The coating is suitable for coating inner and outer walls of buildings, stone decoration, road isolation guardrails, outdoor billboards, glassware and solar cell glass photocatalysis self-cleaning.
For the application of the photocatalysis self-cleaning coating taking polyurethane as a main film forming component, the proportion of the water-based polyurethane and the nano TiO 2-Nb2O5 in the coating needs to be increased. Since the heat treatment process is not carried out, the adhesion of the nano SiO 2 is lower and the polyurethane is relied on to adhere on the solid surface.

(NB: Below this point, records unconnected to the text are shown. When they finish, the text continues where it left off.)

(* Let $p$ be one of $(123,\emptyset,\{0,1,2\})$, $(123,\emptyset,\{0,1,3\})$, $(132,\emptyset,\{0,1,2\})$, $(132,\emptyset,\{0,1,3\})$, $(132,\emptyset,\{0,2,3\})$, $(132,\emptyset,\{1,2,3\})$, or any pattern in the same symmetry class as one of these. Then for all $n\ge3$, $a_n(p)=\frac56\,n!$.
   Context: For $n\ge1$, $\mathcal S_n$ is the set of permutations $\pi=\pi_1\cdots\pi_n$ of $[n]$. A bi-vincular pattern of length $k$ is a triple $p=(\sigma,X,Y)$ with $\sigma\in\mathcal S_k$ and $X,Y\subseteq\{0,1,\dots,k\}$. A permutation $\pi\in\mathcal S_n$ contains $p$ if there are indices $1\le i_1<\dots<i_k\le n$ such that $(\pi_{i_1},\dots,\pi_{i_k})$ is order-isomorphic to $\sigma$ and, letting $j_1<\dots<j_k$ be the values $\pi_{i_1},\dots,\pi_{i_k}$ sorted increasingly and setting $i_0=j_0=0$, $i_{k+1}=j_{k+1}=n+1$, one has $i_{x+1}=i_x+1$ for all $x\in X$ and $j_{y+1}=j_y+1$ for all $y\in Y$. Otherwise $\pi$ avoids $p$; $a_n(p)$ is the number of $\pi\in\mathcal S_n$ avoiding $p$. Symmetries: $p^{i}=(\sigma^{-1},Y,X)$, $p^{r}=(\sigma^{r},\{k-x:x\in X\},Y)$, $p^{c}=(\sigma^{c},X,\{k-y:y\in Y\})$ with $\sigma^r_j=\sigma_{k+1-j}$, $\sigma^c_j=k+1-\sigma_j$; the symmetry class of $p$ consists of all patterns obtained from $p$ by finitely many applications of these maps. *)

From HB Require Import structures.
From mathcomp Require Import all_boot all_order all_algebra all_fingroup.
From Stdlib Require List.
Set Implicit Arguments. Unset Strict Implicit. Unset Printing Implicit Defensive.
(* Let $G$ be a connected graph. If $G_{\rm SR}\cong K_1+(aK_2\cup bK_1)$ where either $a\ge 1$ and $b\ge 0$, or $a=0$ and $b\ge 2$, then $O_{\rm SR}(G)=\mathcal{N}$.
   Context: All graphs are finite, simple and undirected; $d(x,y)$ is the shortest-path distance. $aK_2\cup bK_1$ is the disjoint union of $a$ copies of $K_2$ and $b$ isolated vertices; the join $X+Y$ is obtained from the disjoint union of $X$ and $Y$ by adding all edges between $V(X)$ and $V(Y)$. A set $S\subseteq V(G)$ is a strong resolving set of a connected graph $G$ if for all distinct $x,y\in V(G)$ there exists $z\in S$ such that $x$ lies on a $y$–$z$ geodesic or $y$ lies on an $x$–$z$ geodesic. A vertex $u$ is maximally distant from $v$ if $d(u,v)\ge d(w,v)$ for every neighbor $w$ of $u$; $u,v$ are mutually maximally distant (MMD) if each is maximally distant from the other. The strong resolving graph $G_{\rm SR}$ has vertex set $\{x: x\text{ is MMD with some }y\}$ and edges exactly the MMD pairs. The Maker–Breaker strong resolving game on $G$: Maker and Breaker alternately select a not-yet-chosen vertex of $G$; Maker wins if the vertices he selects contain a strong resolving set of $G$, Breaker wins otherwise. In the M-game Maker moves first, in the B-game Breaker moves first. $O_{\rm SR}(G)=\mathcal{M}$ if Maker has a winning strategy in both games, $\mathcal{B}$ if Breaker has a winning strategy in both, and $\mathcal{N}$ if the first player has a winning strategy in each. *)

From mathcomp Require Import all_boot.
Set Implicit Arguments. Unset Strict Implicit. Unset Printing Implicit Defensive.

Section Graph.
Variable T : finType.
Variable e : rel T.

Definition simple_graph := symmetric e /\ irreflexive e.
Definition connected_graph := forall x y : T, connect e x y.

Fixpoint ball (n : nat) (x : T) : {set T} :=
  match n with
  | 0 => [set x]
  | n'.+1 => ball n' x :|: [set y | [exists z in ball n' x, e z y]]
  end.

The photocatalytic activity of the nano TiO 2-Nb2O5 is also lower, and the self-cleaning effect of solar catalysis can be achieved only by increasing the addition amount.

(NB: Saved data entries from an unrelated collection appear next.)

(* Let $n\geq 3$ and let $K_n$ be the complete graph on $n$ vertices. Then $\lim_{p\to\infty}\|M_{K_n}\|_p^p$ exists and $$\lim_{p\to\infty}\|M_{K_n}\|_p^p=\sup_{\alpha>1,\ k\in\{1,\dots,n\}}\frac{k\alpha^{n/k}+\alpha(n-k)}{k\alpha^{n/k}+n-k}.$$
   Context: For a finite connected graph $G=(V,E)$ with graph distance $d_G$ and $f:V\to\mathbb{R}$, $M_Gf(v)=\sup_{r\geq 0}\frac{1}{|B(v,r)|}\sum_{u\in B(v,r)}|f(u)|$, where $B(v,r)=\{u\in V: d_G(u,v)\le r\}$. For $g:V\to\mathbb{R}$, $\|g\|_p=(\sum_{v\in V}|g(v)|^p)^{1/p}$ and $\|M_G\|_p=\sup_{f\neq 0}\|M_Gf\|_p/\|f\|_p$. *)

From HB Require Import structures.
From mathcomp Require Import all_boot all_order all_algebra.
From mathcomp Require Import all_classical all_reals all_analysis.
Set Implicit Arguments. Unset Strict Implicit. Unset Printing Implicit Defensive.
Import Order.TTheory GRing.Theory Num.Theory.
Local Open Scope classical_set_scope.
Local Open Scope ring_scope.

(* A finite graph is given by an edge relation [e : rel T] on a finType T.
   [walk_within e k u v] : there is a walk of length at most k from u to v,
   i.e. d_G(u,v) <= k for the graph distance d_G. *)
Fixpoint walk_within (T : finType) (e : rel T) (k : nat) (u v : T) : bool :=
  match k with
  | 0 => u == v
  | k'.+1 => walk_within e k' u v || [exists w, walk_within e k' u w && e w v]
  end.

Definition ball_G (R : realType) (T : finType) (e : rel T) (v : T) (r : R) : {set T} :=
  [set u | `[< exists k : nat, (k%:R <= r) /\ walk_within e k v u >]].

Definition ball_avg (R : realType) (T : finType) (e : rel T) (f : T -> R) (v : T) (r : R) : R :=
  (#|ball_G e v r|%:R)^-1 * \sum_(u in ball_G e v r) `|f u|.

Definition maxop (R : realType) (T : finType) (e : rel T) (f : T -> R) (v : T) : R :=
  sup [set ball_avg e f v r | r in [set r : R | 0 <= r]].

Definition lpnorm (R : realType) (T : finType) (p : R) (g : T -> R) : R :=
  (\sum_(v : T) `|g v| `^ p) `^ p^-1.

Definition maxop_norm (R : realType) (T : finType) (e : rel T) (p : R) : R :=
  sup [set lpnorm p (maxop e f) / lpnorm p f | f in [set f : T -> R | f <> (fun _ => 0)]].

Definition complete_rel (n : nat) : rel 'I_n := fun x y => x != y.
Arguments complete_rel n : clear implicits.

From HB Require Import structures.
From mathcomp Require Import all_boot all_order all_algebra.
From mathcomp Require Import all_classical all_reals all_analysis.
From mathcomp Require Import ring lra.
Import Order.TTheory GRing.Theory Num.Theory numFieldNormedType.Exports.
Local Open Scope classical_set_scope.
Local Open Scope ring_scope.
Set Implicit Arguments. Unset Strict Implicit. Unset Printing Implicit Defensive.

(* On K_n the maximal function is M f (v) = max (|f v|, mean |f|), so ||M||_p^p is the supremum
   of sum_v max (|f v|, mean |f|)^p / sum_v |f v|^p over f <> 0.  A function equal to m on k
   vertices and to b = alpha^(-1/p) on the n - k others, normalised to mean 1, has ratio at
   least the (k, alpha) term of the limit, for every p.  Conversely the power-mean inequality,
   applied separately above and below the mean, bounds the ratio of any f by that of such a
   two-level function.  For large p its levels are either far apart, and then m^p dominates
   and the ratio is close to 1, or close together, and then the ratio is within a factor
   1 + o(1) of the (k, alpha) term with alpha = b^(-p). *)

Lemma powR_divr (R : realType) (a b p : R) : 0 <= a -> 0 < b ->
  (a / b) `^ p = a `^ p / b `^ p.
Proof.
move=> a0 b0; have bp_neq0 : b `^ p != 0 by rewrite lt0r_neq0 ?powR_gt0.
apply: (canRL (mulfK bp_neq0)).
by rewrite -powRM ?divfK ?(lt0r_neq0 b0) ?divr_ge0 ?(ltW b0).
Qed.

Section MaximalOperatorNorm.
Variables (R : realType) (T : finType) (e : rel T).

Lemma lpnorm_powR (p : R) (g : T -> R) : 0 < p ->
  lpnorm p g `^ p = \sum_v `|g v| `^ p.
Proof.
move=> p0; rewrite /lpnorm -powRrM mulVf ?gt_eqF // powRr1 //.
by apply: sumr_ge0 => v _; exact: powR_ge0.
Qed.

Lemma sum_powR_norm_gt0 (p : R) (f : T -> R) :
  f <> (fun _ => 0) -> 0 < \sum_v `|f v| `^ p.
Proof.
move=> f_neq0; have [v fv0] : exists v, f v != 0.
  apply: contra_notP f_neq0 => f0; apply: funext => v.
  by apply/eqP/negPn/negP => fv0; apply: f0; exists v.
rewrite (bigD1 v) //= ltr_pwDl ?powR_gt0 ?normr_gt0 //.
by apply: sumr_ge0 => u _; exact: powR_ge0.
Qed.

Lemma powR_lpnorm_ratio (p : R) (f g : T -> R) : 0 < p -> f <> (fun _ => 0) ->
  (lpnorm p g / lpnorm p f) `^ p = (\sum_v `|g v| `^ p) / \sum_v `|f v| `^ p.
Proof.
move=> p0 f_neq0; rewrite powR_divr ?powR_ge0 //; last first.
  by apply: powR_gt0; exact: sum_powR_norm_gt0.
by congr (_ / _); exact: lpnorm_powR.
Qed.

Variables (p c : R) (t0 : T).
Hypotheses (p_gt0 : 0 < p)
  (maxop_le : forall f : T -> R, f <> (fun _ => 0) ->
     \sum_v `|maxop e f v| `^ p <= c * \sum_v `|f v| `^ p).

Let ratios := [set lpnorm p (maxop e f) / lpnorm p f |
  f in [set f : T -> R | f <> (fun _ => 0)]].

Let ratio_ge0 x : ratios x -> 0 <= x.
Proof. by move=> [f _ <-]; apply: divr_ge0; exact: powR_ge0. Qed.

Let powR_ratio_le x : ratios x -> x `^ p <= c.
Proof.
move=> [f f_neq0 <-]; rewrite powR_lpnorm_ratio // ler_pdivrMr //.
  exact: maxop_le.
exact: sum_powR_norm_gt0.
Qed.

Let one_neq0 : (fun _ : T => 1 : R) <> (fun _ => 0).
Proof. by move/(congr1 (fun g => g t0))/eqP; rewrite oner_eq0. Qed.

Let ratio1 : ratios (lpnorm p (maxop e (fun _ : T => 1 : R)) / lpnorm p (fun _ : T => 1 : R)).
Proof. by exists (fun _ : T => 1 : R). Qed.

Let c_ge0 : 0 <= c.
Proof. exact: le_trans (powR_ge0 _ _) (powR_ratio_le ratio1). Qed.

Let ratio_le x : ratios x -> x <= c `^ p^-1.
Proof.
move=> rx; rewrite -[x](@powRr1 _ _ (ratio_ge0 rx)) -(mulfV (lt0r_neq0 p_gt0)).
rewrite powRrM; apply: ge0_ler_powR; rewrite ?invr_ge0 ?nnegrE ?powR_ge0 //.
- exact: ltW.
- exact: powR_ratio_le.
Qed.

Let has_sup_ratios : has_sup ratios.
Proof. by split; [eexists; exact: ratio1 | exists (c `^ p^-1) => x /ratio_le]. Qed.

Let maxop_norm_ge0 : 0 <= maxop_norm e p.
Proof. exact: le_trans (ratio_ge0 ratio1) (sup_upper_bound has_sup_ratios ratio1). Qed.

Lemma powR_maxop_norm_le : maxop_norm e p `^ p <= c.
Proof.
have norm_le : maxop_norm e p <= c `^ p^-1.
  by apply: ge_sup; [eexists; exact: ratio1 | exact: ratio_le].
rewrite -[c](@powRr1 _ _ c_ge0) -(mulVf (lt0r_neq0 p_gt0)) powRrM.
by apply: ge0_ler_powR; rewrite ?nnegrE ?powR_ge0 ?(ltW p_gt0).
Qed.

Lemma ler_maxop_norm_powR (f : T -> R) : f <> (fun _ => 0) ->
  \sum_v `|maxop e f v| `^ p <= maxop_norm e p `^ p * \sum_v `|f v| `^ p.
Proof.
move=> f_neq0; rewrite -ler_pdivrMr ?sum_powR_norm_gt0 // -powR_lpnorm_ratio //.
have ratio_f : ratios (lpnorm p (maxop e f) / lpnorm p f) by exists f.
apply: ge0_ler_powR; rewrite ?nnegrE ?(ltW p_gt0) ?(ratio_ge0 ratio_f) //.
exact: sup_upper_bound.
Qed.

End MaximalOperatorNorm.

Section CompleteGraph.
Variables (R : realType) (n : nat).

Lemma walk_within_complete k (u v : 'I_n) :
  walk_within (complete_rel n) k.+1 u v.
Proof.
elim: k => [|k IHk]; last by apply/orP; left.
have [->|uv] := eqVneq u v; first by rewrite /= eqxx.
by apply/orP; right; apply/existsP; exists u; rewrite eqxx /complete_rel uv.
Qed.

Lemma ball_complete (v : 'I_n) (r : R) : 0 <= r ->
  ball_G (complete_rel n) v r = (if r < 1 then [set v] else [set: 'I_n])%SET.
Proof.
move=> r_ge0; apply/setP => u; rewrite inE; case: ifPn => [r_lt1|].
- rewrite inE; apply/asboolP/eqP => [[[|k] [kr walk_vu]]|->].
  + by move/eqP: walk_vu.
  + by move: r_lt1; rewrite ltNge (le_trans _ kr) // ler1n.
  + by exists 0%N; split => //=.
- by rewrite -leNgt inE => r_ge1; apply/asboolP; exists 1%N; rewrite walk_within_complete.
Qed.

Lemma maxop_complete (f : 'I_n -> R) v :
  maxop (complete_rel n) f v = Num.max `|f v| ((\sum_u `|f u|) / n%:R).
Proof.
have avg_small : ball_avg (complete_rel n) f v 0 = `|f v|.
  by rewrite /ball_avg ball_complete // ltr01 cards1 big_set1 invr1 mul1r.
have avg_large r : 1 <= r -> ball_avg (complete_rel n) f v r = (\sum_u `|f u|) / n%:R.
  move=> r_ge1; rewrite /ball_avg ball_complete ?(le_trans ler01) // ltNge r_ge1.
  by rewrite cardsT card_ord mulrC; congr (_ / _); apply: eq_bigl => u; rewrite inE.
rewrite /maxop; set E := [set _ | _ in _].
have E_small : E `|f v| by exists 0; rewrite /= ?lexx ?avg_small.
have E_large : E ((\sum_u `|f u|) / n%:R) by exists 1; rewrite /= ?ler01 // avg_large.
have E_ub : ubound E (Num.max `|f v| ((\sum_u `|f u|) / n%:R)).
  move=> _ [r /= r_ge0 <-]; have [r_lt1|r_ge1] := ltP r 1.
    by rewrite /ball_avg ball_complete // r_lt1 cards1 big_set1 invr1 mul1r le_max lexx.
  by rewrite avg_large // le_max lexx orbT.
apply/le_anti; rewrite ge_sup /=; [|by exists `|f v| | by []].
have E_sup : has_sup E by split; [exists `|f v| | eexists; exact: E_ub].
by rewrite ge_max !sup_upper_bound.
Qed.

End CompleteGraph.

Section RealInequalities.
Variable R : realType.

Lemma ln_le_subr1 (x : R) : 0 < x -> ln x <= x - 1.
Proof.
by move=> x_gt0; have := @le_ln1Dx _ (x - 1); rewrite subrKC; apply; lra.
Qed.

Lemma onem_inv_le_ln (x : R) : 0 < x -> 1 - x^-1 <= ln x.
Proof.
move=> x_gt0; have := @ln_le_subr1 x^-1.
by rewrite invr_gt0 lnV ?posrE // => /(_ x_gt0); lra.
Qed.

Lemma half_le_ln1Dx (x : R) : 0 <= x <= 1 -> x / 2 <= ln (1 + x).
Proof.
case/andP=> x_ge0 x_le1; apply: le_trans (onem_inv_le_ln _); last lra.
have -> : 1 - (1 + x)^-1 = x / (1 + x) by field; lra.
by apply: ler_wpM2l => //; rewrite lef_pV2 ?posrE; lra.
Qed.

Lemma bernoulli_powR (z p : R) : 0 <= z -> 1 <= p -> 1 + p * (z - 1) <= z `^ p.
Proof.
move=> z_ge0 p_ge1; have [->|p_neq1] := eqVneq p 1.
  by rewrite powRr1 // mul1r addrC subrK.
have p_gt1 : 1 < p by rewrite lt_neqAle eq_sym p_neq1.
pose q := p / (p - 1).
have q_gt0 : 0 < q by rewrite divr_gt0 // ?subr_gt0; lra.
have pq : p^-1 + q^-1 = 1 by rewrite /q invf_div; field; lra.
have := conjugate_powR z_ge0 ler01 (lt_trans ltr01 p_gt1) q_gt0 pq.
rewrite mulr1 powR1 /q invf_div mul1r -mulrDl ler_pdivlMr; lra.
Qed.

In addition, the curing process of the acidic polyurethane coating is longer, and the compounding of various nano oxides is slowly carried out, so that niobium oxalate is converted into Nb 2O5, and the Nb 2O5 and TiO 2 are compounded into a TiO 2-Nb2O5 sunlight catalyst; the sunlight catalyst coated by the nano SiO 2 can not degrade polyurethane matrix materials by photocatalysis, only degrades surface organic pollutants, and can prolong the service life of the coating.
For photocatalytic self-cleaning coating applications with nano SiO 2 as the main film forming component, polyurethane is only an auxiliary film former. The aqueous polyurethane has certain elasticity, improves the leveling property of the film after being compounded with the silica sol, and overcomes the defect of stress cracking of the film of the nano SiO 2 gel film in the drying process. The film layer is subjected to heat treatment, wherein organic components are almost completely thermally decomposed, and photocatalytic components in the film layer are rapidly compounded, so that the solar catalytic performance is greatly enhanced.

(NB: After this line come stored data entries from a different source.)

Lemma perm_tperm_of_agree_off (T : finType) (p q : {perm T}) (a b : T) :
  a != b -> q != p -> (forall j, j != a -> j != b -> q j = p j) ->
  q = (tperm a b * p)%g.
Proof.
move=> ab qp off.
have image x : x \in [:: a; b] -> q x = p a \/ q x = p b.
  move=> hx; have pk : p (p^-1 (q x))%g = q x by rewrite permKV.
  case: (eqVneq (p^-1 (q x))%g a) => [<-|ka]; first by left.
  case: (eqVneq (p^-1 (q x))%g b) => [<-|kb]; first by right.
  move: hx; rewrite -(perm_inj (etrans (off _ ka kb) pk)).
  by rewrite !inE (negbTE ka) (negbTE kb).
have qab : q a != q b by rewrite (inj_eq perm_inj).
have [[qa | qa] [qb | qb]] := (image a (mem_head _ _), image b (mem_last _ [:: b])).
- by move: qab; rewrite qa qb eqxx.
- case/eqP: qp; apply/permP => j.
  by case: (eqVneq j a) => [->|ja] //; case: (eqVneq j b) => [->|jb]; [|exact: off].
- apply/permP => j; rewrite permM.
  by case: tpermP => [->|->|ja jb] //; apply: off; apply/eqP.
- by move: qab; rewrite qa qb eqxx.
Qed.

Section BridgeVertices.
Variables (R : realFieldType) (n : nat) (J : {set 'I_n}).
Local Open Scope ring_scope.

Lemma pvec_inj : injective (@pvec R n).
Proof.
move=> p q /rowP h; apply/permP => j; apply: val_inj.
by have := h j; rewrite !mxE => /eqP; rewrite eqr_nat eqSS => /eqP.
Qed.

Lemma dotr_pvec_tperm (c : 'rV[R]_n) (p : 'S_n) (a b : 'I_n) : a != b ->
  dotr c (pvec R (tperm a b * p)%g) =
  dotr c (pvec R p) + (c 0 a - c 0 b) * ((p b).+1%:R - (p a).+1%:R).
Proof.
move=> ab; apply/eqP; rewrite addrC -subr_eq; apply/eqP.
rewrite /dotr -sumrB (bigD1 a) //= (bigD1 b) /=; last by rewrite eq_sym.
rewrite big1 => [|i /andP[ia ib]]; last first.
  by rewrite !mxE permM tpermD 1?eq_sym // -mulrBr subrr mulr0.
by rewrite !mxE !permM tpermL tpermR; ring.
Qed.

Lemma in_segment_l (x y : 'rV[R]_n) : in_segment x y x.
Proof. by exists 0; rewrite lexx ler01 subr0 scale1r scale0r addr0. Qed.

Lemma in_segment_r (x y : 'rV[R]_n) : in_segment x y y.
Proof. by exists 1; rewrite lexx ler01 subrr scale0r add0r scale1r. Qed.

Lemma in_segment_pvec_agree (p q r : 'S_n) :
  in_segment (pvec R p) (pvec R q) (pvec R r) -> r != p ->
  forall j, r j = p j -> q j = p j.
Proof.
case=> t [_ [_ ht]] rp j rpj.
have t0 : t != 0.
  apply: contra rp => /eqP t0; apply/eqP/pvec_inj.
  by rewrite ht t0 subr0 scale1r scale0r addr0.
have := congr1 (fun M : 'rV[R]_n => M 0 j) ht; rewrite !mxE rpj.
set P := (p j).+1%:R; set Q := (q j).+1%:R => e.
have : t * (Q - P) = (1 - t) * P + t * Q - P by ring.
rewrite -e subrr => /eqP; rewrite mulf_eq0 (negbTE t0) subr_eq0 eqr_nat eqSS => /eqP.
exact: val_inj.
Qed.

The invention further aims to provide an application method of the solar catalysis self-cleaning coating, which comprises the steps of preparing a composite oxide sol-gel film and preparing a composite oxide self-cleaning antireflection film in a part 2, wherein the specific steps are as follows:
(1) Coating the photocatalysis self-cleaning paint on the surface of the solar cell glass, wherein the thickness of a wet film is 1500-3000nm; drying at 150-200deg.C, and thermally decomposing organic matters in the film layer to form a nano SiO2-TiO2-Nb2O5 composite oxide gel film, wherein the thickness of the xerogel film is 100-200nm;
(2) Heat-treating solar cell coated glass with a single-sided nano SiO2-TiO2-Nb2O5 composite oxide gel film for 0.2-1h at 600-700 ℃, sintering on the solar cell coated glass, rapidly cooling by air and water to room temperature, SO that the solar cell coated glass is toughened, the impact resistance strength of the solar cell coated glass is improved, a self-cleaning antireflection film of SO42-/SiO2-TiO2-Nb2O5 composite oxide is formed on the solar cell glass, the light transmittance of the coated glass is 93.6-94.6%, and the antireflection rate is 2-3%; hardness is 5-6H; the water contact angle is 4-8 degrees.
When the nano SiO 2 is sintered at high temperature, the polyurethane film is degraded into CO 2 and nitrogen is volatilized, and SiO 2-TiO2-Nb2O5 in the gel film layer is mutually diffused, permeated and doped at high temperature to form a composite oxide film layer; sulfuric acid generated by thermal decomposition of the mixed ammonium sulfate is doped into the composite oxide to form a self-cleaning antireflection film of the composite oxide with the chemical composition of SO 4 2-/SiO2-TiO2-Nb2O5;
The invention has the following beneficial effects:
(1) Nb 2O5 has photocatalysis property, can efficiently absorb visible light when being compounded with high-activity TiO 2, and further is compounded with SiO 2 with high specific surface area, so that the formed nano SiO 2-TiO2-Nb2O5 composite oxide has higher photocatalysis activity;
(2) In the invention, the nano SiO 2-TiO2-Nb2O5 composite oxide is sulfated in situ, so that the sunlight catalytic activity of the formed photocatalytic film is improved by times;
(3) The SO 4 2-/SiO2-TiO2-Nb2O5 photocatalysis self-cleaning material has no adverse effect on the antireflection performance of coated glass, and has industrial application prospect.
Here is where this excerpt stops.